As of now, the official Search for Extraterrestrial Intelligent Life, or SETI, has been on-going for nearly 60 years now. This search, initiated as searching for intentional signals in the radio and eventually at other frequencies, has been far from exhaustive, as a signal could occur anywhere, on any frequency, at any time. In addition to this, SETI that is undergone assuming a beacon, an intentional signal, assumes that whomever is out there is actively attempting to get our attention. This assumption, mixed with the fact that light takes time to travel and mankind has only been technologically advanced enough to receive signals for a short period of time (compared to the lifetime of the galaxy) is sometimes seen as a downside to SETI, and sometimes even as a reason to not do SETI.

One way to resolve (or at least limit) both the issues of the assumption above and the time itself is artifact SETI. Artifact SETI, sometimes known as Dysonian SETI  (see Bradbury et al. 2011), resolves to search for traces of a civilization that are not intentional beacons to outsiders. Rather, these traces could be technological products or artefacts. Assuming an alien species to be roughly human-like in motivation and reasoning, Davies & Wagner 2013 listed and expanded on four different classes of artefacts that could be detected: messages, scientific instruments, geo-engineering structures, or trash.

To this list, we would like to add a fifth category: structures such as buildings or roads, that exist during the lifetime of the civilization and sometime after it. Such structures are often lost and re-discovered here on Earth, centuries after the civilization responsible for them had fallen. Such structures, as well as the other artefact classes described by Davies & Wagner 2013 might now be visible in the high resolution data we have of nearby terrestrial bodies.

On Earth, archaeologists have re-discovered numerous “lost cities” that had been abandoned and then buried in sand, covered in soil, or obscured by foliage. Many of these discoveries–including those of cities in Mexico, Egypt, Guatemala, and Cambodia, Roman farms from 400 AD, and Roman roads from 43 AD–occurred within the past few years. This is because the field of archaeology is diverging from traditional methods of on-foot excavations to the use of LIDAR. LIDAR, which stands for Light Detection and Ranging, is a remote sensing method that uses a pulsed laser to measure variable distances to the Earth, typically at visible or near-infrared wavelengths. Many countries started initiatives to map all of their land using LIDAR around 2009, for a variety of reasons, resulting in these numerous and recent discoveries. More on LIDAR.

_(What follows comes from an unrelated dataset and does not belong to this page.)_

(* Let $P_c$ be the program defined in the context, for an arbitrary ordering $\alpha$ of $X$. For every supported model $M$ of $P_c$, the digraph on $X$ with arc set $\{(p,q):\mathrm{dep}(p,q)\in M\}$ contains no directed cycle, including cycles of length $1$.
   Context: Delete-relaxed planning. Let $X$ be a finite set of atomic propositions, $A^+$ a finite set of actions, and $G\subseteq X$. Each action $\vec a\in A^+$ has $pre(\vec a),add(\vec a)\subseteq X$; there are no delete effects and the initial state is $\emptyset$. For each action $\vec a$ there is an action atom $a$. Further atoms are: - $\mathrm{dep}(p,q)$ for $p,q\in X$; - $\mathrm{ws}(a,p)$ for actions $\vec a$ and $p\in X$; - a special atom $f$. All these atoms are pairwise distinct and distinct from $X$. Logic programs. A normal rule has the form $h\leftarrow b_1,\dots,b_n,\mathtt{not}\,c_1,\dots,\mathtt{not}\,c_m$, and a choice rule has the form $\{h\}\leftarrow(\text{same body})$. An interpretation $I$ satisfies a body if all $b_i\in I$ and no $c_j\in I$. $I$ is a model if every normal rule whose body $I$ satisfies has its head in $I$. The supporting rules of $P$ w.r.t. $I$ are: - the normal rules whose body $I$ satisfies; - the choice rules whose body $I$ satisfies and whose head is in $I$. A model $I$ of $P$ is supported if $I$ is exactly the set of heads of its supporting rules. Vertex elimination. For a digraph $(V',E')$ and vertex $v$: - the fill-in is $F(v)=\{(x,y):(x,v),(v,y)\in E',x\ne y\}$; - the $v$-elimination graph deletes $v$ together with its incident arcs and adds $F(v)$. For an ordering $\alpha:\{1,\dots,n\}\to V$ of a digraph $\mathcal{G}$ with $n$ vertices, set $\mathcal{G}_0=\mathcal{G}$ and let $\mathcal{G}_i$ be the $\alpha(i)$-elimination graph of $\mathcal{G}_{i-1}$ for $i=1,\dots,n-1$. Let $F_{i-1}(\alpha(i))$ be the fill-in of $\alpha(i)$ in $\mathcal{G}_{i-1}$. The vertex elimination graph is $\mathcal{G}^*_\alpha=(V,E^* )$, where $E^*$ is the union of the original arcs and all $F_{i-1}(\alpha(i))$. Program $P_c$. Let $E=\{(p,q)\in X\times X:\exists \vec a\in A^+,\ p\in add(\vec a),\ q\in pre(\vec a)\}$ and $\mathcal{G}=(X,E)$. Let $n=|X|$, fix an ordering $\alpha$ of $X$, and let $E^*$ be the arc set of $\mathcal{G}^*_\alpha$. $P_c$ consists of: - (C1) $\{\mathrm{dep}(p,q)\}\leftarrow q$ for each $(p,q)\in E$; - (C2) $\{\mathrm{ws}(a,p)\}\leftarrow \mathrm{dep}(p,q_1),\dots,\mathrm{dep}(p,q_k)$ for each $\vec a\in A^+$ and $p\in add(\vec a)$, where $pre(\vec a)=\{q_1,\dots,q_k\}$; - (C3) $p\leftarrow \mathrm{ws}(a,p)$ and $a\leftarrow\mathrm{ws}(a,p)$ for each $\vec a\in A^+$ and $p\in add(\vec a)$; - (C4) $g\leftarrow\mathtt{not}\,g$ for each $g\in G$; - (C5) $\mathrm{dep}(p,q)\leftarrow\mathrm{dep}(p,\alpha(i)),\mathrm{dep}(\alpha(i),q)$ for each $i\in\{1,\dots,n-1\}$ and each $(p,q)\in F_{i-1}(\alpha(i))$; - (C6) $f\leftarrow \mathrm{dep}(p,q),\mathrm{dep}(q,p),\mathtt{not}\,f$ for all $p,q\in X$ (possibly $p=q$) with $(p,q)\in E^*$ and $(q,p)\in E^*$. *)

From Stdlib Require Import List Relations.
From mathcomp Require Import all_boot.
Set Implicit Arguments. Unset Strict Implicit. Unset Printing Implicit Defensive.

Unfortunately, the field of archaeology is different from astronomy in that discoveries are often not published in journals or conference proceedings; instead, they are sold as stories or documentaries. Because of this, the data from the LIDAR survey as well as methods or algorithms used for the discovery are not typically available to the public.

The few studies that have been published are not completely comparable to a search for ET on another planet. One reason for this is that we do not have LIDAR data for any planet other than Earth. LIDAR data, although similar to RADAR data, is of a much higher resolution than RADAR, allowing for the detection of finer or less visible structures. Archaeological searches on Earth typically knew where to look for these cities. Either buildings were already visible in the area or some text described the location of the city (e.g., Comer & Blom 2006, Rowlands & Sarris 2007, Iorio et al. 2008, Corrie 2011). Archaeological searches on Earth also have the benefit in that archaeologists know what they are looking for. Even if they do not have the exact layouts of the cities, as some archaeological LIDAR searches do (e.g., Iorio et al. 2008), mankind has built the same types of structures (buildings, roads, farm land) in similar manners and sizes across the continents and across the centuries. ET might only create structures that are round, or roads instead of tunnels, or might choose to only build sub-structures.

Methods

Given the lack of available publications and open source code, we were unable to apply any of the techniques used in structure detection on Earth to our data. Instead, we search the data numerically for lines. We apply a Hough transform to the data (Hough 1959), finding lines, and overplotting them onto the data for visual inspection. Before a Hough transform can be performed, the image must first undergo edge detection so that the result is a binary image. Below, we describe the edge detection algorithm used, as well as the Hough transform.

Canny Edge Detection

One multi-step algorithm that has been used frequently over the past few decades is the Canny Edge Detection algorithm (Canny 1987). Originally written for an IEEE conference, the Canny Edge Detection algorithm is a computationally unintensive, fast algorithm that takes a greyscale images and returns a binary image, with edges in white. The algorithm contains multiple steps, each of which we describe below.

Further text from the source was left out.